Symptoms of Acute Tonsillitis
Acute bacterial tonsillitis presents with sudden-onset sore throat, fever (101-104°F), tonsillar exudates, tender anterior cervical lymphadenopathy, and notably the absence of cough. 1
Core Clinical Features
The hallmark presentation includes:
- Sudden onset of sore throat with tonsillopharyngeal erythema, often with tonsillar exudates 2, 1
- High fever ranging from 38°C to 40°C (101-104°F) 3, 1
- Tender and enlarged anterior cervical lymph nodes 3, 1
- Absence of cough - this is a critical distinguishing feature from viral causes 3, 1
The American Heart Association emphasizes that the absence of cough is particularly important for differentiating bacterial from viral tonsillitis 1. When cough, coryza, hoarseness, conjunctivitis, or diarrhea are present, viral etiology is much more likely 1.

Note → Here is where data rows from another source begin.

(* Let \[P=\{x\in[0,2]^2 : x_1+10x_2\le 20,\ 10x_1+x_2\le 20\},\] \[P_L=\{(x,z)\in\mathbb{R}^2\times[0,1]^4 : x\in P,\ x_i=z_{i1}+2z_{i2}\text{ for } i=1,2\},\] \[P_{L+}=\{(x,z)\in\mathbb{R}^2\times[0,1]^4 : x\in P,\ x_i=z_{i1}+2z_{i2},\ z_{i1}+z_{i2}\le1\text{ for } i=1,2\},\] where all variables of $P_L$ and $P_{L+}$ (both $x$ and $z$) are integer variables. Then \[\operatorname{proj}_x\big(\mathrm{SC}(P_{L+})\big)\subsetneq \operatorname{proj}_x\big(\mathrm{SC}(P_L)\big).\]
   Context: For $X\subseteq\mathbb{R}^N$ with all coordinates integer, the split closure is $\mathrm{SC}(X)=\bigcap\mathrm{conv}(X\setminus S)$, the intersection over all split sets $S=\{y\in\mathbb{R}^N:\pi_0<\pi^Ty<\pi_0+1\}$ with $\pi\in\mathbb{Z}^N$, $\pi_0\in\mathbb{Z}$. $\operatorname{proj}_x$ is orthogonal projection onto the $x$-coordinates. *)

From mathcomp Require Import all_boot all_order all_algebra.
From mathcomp Require Import reals.
Set Implicit Arguments. Unset Strict Implicit. Unset Printing Implicit Defensive.
Import Order.TTheory GRing.Theory Num.Theory.
Local Open Scope ring_scope.

Section Defs.
Variable R : realType.

Definition pt (N : nat) := 'I_N -> R.

Definition conv (N : nat) (A : pt N -> Prop) : pt N -> Prop :=
  fun y => exists (k : nat) (lam : 'I_k -> R) (p : 'I_k -> pt N),
    (forall j, 0 <= lam j) /\ \sum_(j < k) lam j = 1 /\
    (forall j, A (p j)) /\
    (forall i, y i = \sum_(j < k) lam j * p j i).

Definition split_set (N : nat) (pi : 'I_N -> int) (pi0 : int) : pt N -> Prop :=
  fun y => pi0%:~R < \sum_(i < N) (pi i)%:~R * y i < (pi0 + 1)%:~R.

(* Split closure (all coordinates integer). *)
Definition split_closure (N : nat) (X : pt N -> Prop) : pt N -> Prop :=
  fun y => forall (pi : 'I_N -> int) (pi0 : int),
    conv (fun p => X p /\ ~ split_set pi pi0 p) y.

Additional Common Symptoms
Beyond the core features, patients may experience:
- Headache, abdominal pain, nausea, and vomiting - especially common in children 1
- Soft palate petechiae and beefy red, swollen uvula 1
- Difficulty swallowing due to tonsillar inflammation and pain 4
Age-Specific Considerations
The presentation varies by age group:
- School-aged children (5-15 years) are the primary affected population, with Group A streptococcus accounting for 15-30% of cases 1
- Children under 3 years may present with less specific findings, such as excoriated nares or purulent nasal discharge 1
- Teenagers and adults often have atypical presentations 2
Red Flag Symptoms Requiring Urgent Evaluation
Certain symptoms warrant immediate assessment for life-threatening complications:
- Difficulty swallowing or drooling 3, 1
- Neck tenderness or swelling 3, 1
- Persistent fever with rigors and night sweats 1
- Signs of airway obstruction 1
These symptoms may indicate peritonsillar abscess, parapharyngeal abscess, epiglottitis, or Lemierre syndrome 3.

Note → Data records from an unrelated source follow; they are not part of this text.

Theorem proposition5p17 (d L s : nat) (R : igs (Sym d L s) 'I_d) :
  1 <= d -> 1 <= s -> 3 <= L -> cubical R ->
  forall (m : nat) (w v : seq (Sym d L s)),
    word_in R m w -> word_in R m v ->
    within_dist (adjm R m) w v (4 * diam1 R * L ^ m).
Proof.
move=> d_gt0 s_gt0 L_ge3 cubR m w v wW vW.
have [l L_eq] : exists l, L = l.+3 by exists (L - 3); lia.
have [s' s_eq] : exists s', s = s'.+1 by exists s.-1; lia.
subst L s; pose b (_ : 'I_d) := false.
have w_c := within_dist_corner d_gt0 cubR b wW.
have v_c := within_dist_corner d_gt0 cubR b vW.
apply: within_dist_le (within_dist_cat w_c (within_dist_sym (adjm_sym R m) v_c)).
by nia.
Qed.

Critical Diagnostic Pitfall
No single symptom is specific enough to diagnose bacterial tonsillitis without microbiological confirmation. 1 The American Heart Association and multiple other societies emphasize that rapid antigen detection testing and/or throat culture for Group A Streptococcus must be performed before initiating antibiotics 3, 5, 1. Initiating antibiotic therapy without confirming GAS infection leads to unnecessary antibiotic use and contributes to resistance 3, 5.

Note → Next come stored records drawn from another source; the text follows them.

(* Let $(R,\Lambda,S)$ be a generalised Renner–Coxeter system with unit group $W$. For every $r\in R$: (i) there exists a unique triple $(w_1,e,w_2)$ with $e\in\Lambda$, $w_1$ the element of minimal length of the coset $w_1W_\star(e)$, $w_2$ the element of minimal length of the coset $W(e)w_2$, such that $r=w_1ew_2$; (ii) there exists a unique triple $(v_1,e,v_2)$ with $e\in\Lambda$, $v_1$ the element of minimal length of $v_1W(e)$, $v_2$ the element of minimal length of $W_\star(e)v_2$, such that $r=v_1ev_2$.
   Context: For a monoid $R$, $E(R)$ is its set of idempotents, $G(R)$ its unit group. $R$ is factorisable if $R=E(R)G(R)=G(R)E(R)$ and idempotents commute; then $E(R)$ is a semilattice ($e\le f\iff ef=fe=e$) on which $G(R)$ acts by conjugation. For $e\in E(R)$, $W(e)=\{w\in G(R)\mid we=ew\}$, $W_\star(e)=\{w\mid we=ew=e\}$. For a Coxeter system $(W,S)$, $W_I$ is the subgroup generated by $I\subseteq S$ and lengths are Coxeter lengths (each coset of a standard parabolic subgroup has a unique element of minimal length). A generalised Renner–Coxeter system is a triple $(R,\Lambda,S)$ with: (ECS1) $R$ factorisable; (ECS2) $\Lambda\subseteq E(R)$ contains exactly one element of each $G(R)$-orbit and is closed under multiplication; (ECS3) $(G(R),S)$ is a Coxeter system; (ECS4) for $e_1\le e_2$ in $E(R)$ there are $w\in G(R)$, $f_1\le f_2$ in $\Lambda$ with $wf_iw^{-1}=e_i$; (ECS5) for $e\in\Lambda$, $W(e)$, $W_\star(e)$ are of the form $W_I$; (ECS6) with $\lambda^\star(e)=\{s\in S\mid se=es\ne e\}$, $e\le f$ in $\Lambda$ implies $\lambda^\star(e)\subseteq\lambda^\star(f)$. $W=G(R)$. *)

From Stdlib Require Import List Arith.
Import ListNotations.

Section Defs.
Context {R : Type} (mul : R -> R -> R) (one : R).

Definition is_monoid : Prop :=
  (forall x y z, mul x (mul y z) = mul (mul x y) z) /\
  (forall x, mul one x = x) /\ (forall x, mul x one = x).

Definition is_unit (x : R) : Prop := exists y, mul x y = one /\ mul y x = one.

Definition idem (e : R) : Prop := mul e e = e.

Definition leE (e f : R) : Prop := mul e f = e /\ mul f e = e.

Definition conj_by (w f e : R) : Prop :=
  exists w', mul w w' = one /\ mul w' w = one /\ mul (mul w f) w' = e.

Definition prod (l : list R) : R := fold_right mul one l.

Fixpoint pow (x : R) (n : nat) : R :=
  match n with O => one | S n => mul x (pow x n) end.

Definition factorisable : Prop :=
  (forall r, exists e w, idem e /\ is_unit w /\ r = mul e w) /\
  (forall r, exists w e, is_unit w /\ idem e /\ r = mul w e) /\
  (forall e f, idem e -> idem f -> mul e f = mul f e).

(* (G(R), S) is a Coxeter system: S is a set of involutions (distinct from 1)
   generating G(R), and G(R) has the presentation
   < S | (st)^{m(s,t)} = 1 >, m(s,t) the order of st, i.e. every map from S
   into a group respecting these relations extends to a homomorphism. *)
Definition coxeter_system (S : R -> Prop) : Prop :=
  (forall s, S s -> is_unit s /\ s <> one /\ mul s s = one) /\
  (forall w, is_unit w -> exists l, Forall S l /\ prod l = w) /\
  (forall (H : Type) (hmul : H -> H -> H) (hone : H) (hinv : H -> H),
     (forall x y z, hmul x (hmul y z) = hmul (hmul x y) z) ->
     (forall x, hmul hone x = x) -> (forall x, hmul x hone = x) ->
     (forall x, hmul (hinv x) x = hone) -> (forall x, hmul x (hinv x) = hone) ->
     forall f : R -> H,
       (forall s t n, S s -> S t -> pow (mul s t) n = one ->
          fold_right hmul hone (repeat (hmul (f s) (f t)) n) = hone) ->
       exists phi : R -> H,
         (forall x y, is_unit x -> is_unit y -> phi (mul x y) = hmul (phi x) (phi y)) /\
         (forall s, S s -> phi s = f s)).

Definition parabolic (I : R -> Prop) (w : R) : Prop :=
  exists l, Forall I l /\ prod l = w.

Definition clen (S : R -> Prop) (w : R) (n : nat) : Prop :=
  (exists l, Forall S l /\ length l = n /\ prod l = w) /\
  (forall l, Forall S l -> prod l = w -> n <= length l).

Definition Wc (e w : R) : Prop := is_unit w /\ mul w e = mul e w.
Definition Wstar (e w : R) : Prop := is_unit w /\ mul w e = e /\ mul e w = e.

Definition min_left (S H : R -> Prop) (w : R) : Prop :=
  forall u, H u -> forall n m, clen S w n -> clen S (mul w u) m -> n <= m.
Definition min_right (S H : R -> Prop) (w : R) : Prop :=
  forall u, H u -> forall n m, clen S w n -> clen S (mul u w) m -> n <= m.

Definition lam_star (S : R -> Prop) (e s : R) : Prop :=
  S s /\ mul s e = mul e s /\ mul s e <> e.

Definition gen_renner_coxeter (Lambda S : R -> Prop) : Prop :=
  is_monoid /\
  (* ECS1 *) factorisable /\
  (* ECS2 *) (forall e, Lambda e -> idem e) /\
             (forall e, idem e -> exists f, Lambda f /\ (exists w, is_unit w /\ conj_by w f e) /\
                 forall f', Lambda f' -> (exists w, is_unit w /\ conj_by w f' e) -> f' = f) /\
             (forall e f, Lambda e -> Lambda f -> Lambda (mul e f)) /\
  (* ECS3 *) (forall s, S s -> is_unit s) /\ coxeter_system S /\
  (* ECS4 *) (forall e1 e2, idem e1 -> idem e2 -> leE e1 e2 ->
                exists w f1 f2, is_unit w /\ Lambda f1 /\ Lambda f2 /\ leE f1 f2 /\
                  conj_by w f1 e1 /\ conj_by w f2 e2) /\
  (* ECS5 *) (forall e, Lambda e ->
                (exists I, (forall s, I s -> S s) /\ forall w, Wc e w <-> parabolic I w) /\
                (exists I, (forall s, I s -> S s) /\ forall w, Wstar e w <-> parabolic I w)) /\
  (* ECS6 *) (forall e f, Lambda e -> Lambda f -> leE e f ->
                forall s, lam_star S e s -> lam_star S f s).

End Defs.

From Stdlib Require Import List Arith Lia Wf_nat Bool.
From Stdlib Require Import Classical ClassicalEpsilon FunctionalExtensionality ProofIrrelevance.
Import ListNotations.

(* Every r is a e b with a, b units and e in Lambda. Since idempotents commute, a e b = e forces
   a in W(e) and a b in W_star(e); hence e is determined by r, and two decompositions with the same
   e differ by an element of W(e) moved across e and an element of W_star(e) absorbed by it.
   Existence follows by choosing minimal coset representatives, first for W(e) and then for
   W_star(e); uniqueness from the uniqueness of minimal representatives of cosets of a standard
   parabolic subgroup W_I, i.e. l(w u) = l(w) + l_I(u) for w minimal in w W_I. That length
   formula rests on the exchange condition, which Tits' construction derives from the Coxeter
   presentation. *)

Lemma nat_least (P : nat -> Prop) :
  (exists n, P n) -> exists n, P n /\ forall m, P m -> n <= m.
Proof.
  intro ex.
  destruct (dec_inh_nat_subset_has_unique_least_element P (fun n => classic (P n)) ex)
    as [n [[Pn least] _]].
  now exists n.
Qed.

Lemma cat_eq_cat_cons {T : Type} (a k l1 l2 : list T) (s : T) :
  a ++ k = l1 ++ s :: l2 ->
  (exists a2, a = l1 ++ s :: a2 /\ l2 = a2 ++ k) \/
  (exists k1, k = k1 ++ s :: l2 /\ l1 = a ++ k1).
Proof.
  intro e. destruct (app_eq_app a k l1 (s :: l2) e) as [m [[-> em] | [-> ek]]].
  - destruct m as [|x a2]; simpl in em.
    + right. exists []. split; [easy | now rewrite !app_nil_r].
    + injection em as -> ->. left. now exists a2.
  - right. now exists m.
Qed.

Definition eqcl {T : Type} (a b : T) : bool :=
  if excluded_middle_informative (a = b) then true else false.

Lemma eqclP {T : Type} (a b : T) : eqcl a b = true <-> a = b.
Proof. unfold eqcl; destruct excluded_middle_informative; split; congruence. Qed.

Lemma eqcl_ext {T : Type} (a b c d : T) : (a = b <-> c = d) -> eqcl a b = eqcl c d.
Proof.
  unfold eqcl; intro h.
  destruct (excluded_middle_informative (a = b)), (excluded_middle_informative (c = d)); tauto.
Qed.

Lemma eqcl_refl {T : Type} (a : T) : eqcl a a = true.
Proof. now apply eqclP. Qed.

Section Monoid.
Context {R : Type} (mul : R -> R -> R) (one : R).
Hypotheses (mulA : forall x y z, mul x (mul y z) = mul (mul x y) z)
  (mul1l : forall x, mul one x = x) (mul1r : forall x, mul x one = x).
Local Notation U := (is_unit mul one).

Definition uinv (w : R) : R :=
  match excluded_middle_informative (U w) with
  | left h => proj1_sig (constructive_indefinite_description _ h)
  | right _ => one
  end.

Local Notation inv := uinv.

Lemma uinv_spec w : U w -> mul w (inv w) = one /\ mul (inv w) w = one.
Proof.
  intro h; unfold uinv; destruct excluded_middle_informative as [h' | n]; [|contradiction].
  exact (proj2_sig (constructive_indefinite_description _ h')).
Qed.

Lemma muluV w : U w -> mul w (inv w) = one.
Proof. intro h; apply (uinv_spec w h). Qed.

Lemma mulVu w : U w -> mul (inv w) w = one.
Proof. intro h; apply (uinv_spec w h). Qed.

Lemma uinv_uniq w v : U w -> mul w v = one -> inv w = v.
Proof.
  intros h e. rewrite <- (mul1r (inv w)), <- e, mulA, mulVu; auto.
Qed.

Distinguishing Bacterial from Viral Tonsillitis
Viral tonsillitis typically presents differently:
- Usually without high fever 3
- Often without tonsillar exudate 3
- Frequently without cervical lymphadenopathy 3
- Commonly accompanied by cough, coryza, or conjunctivitis 1
The presence of these viral features should prompt supportive care rather than antibiotics 4.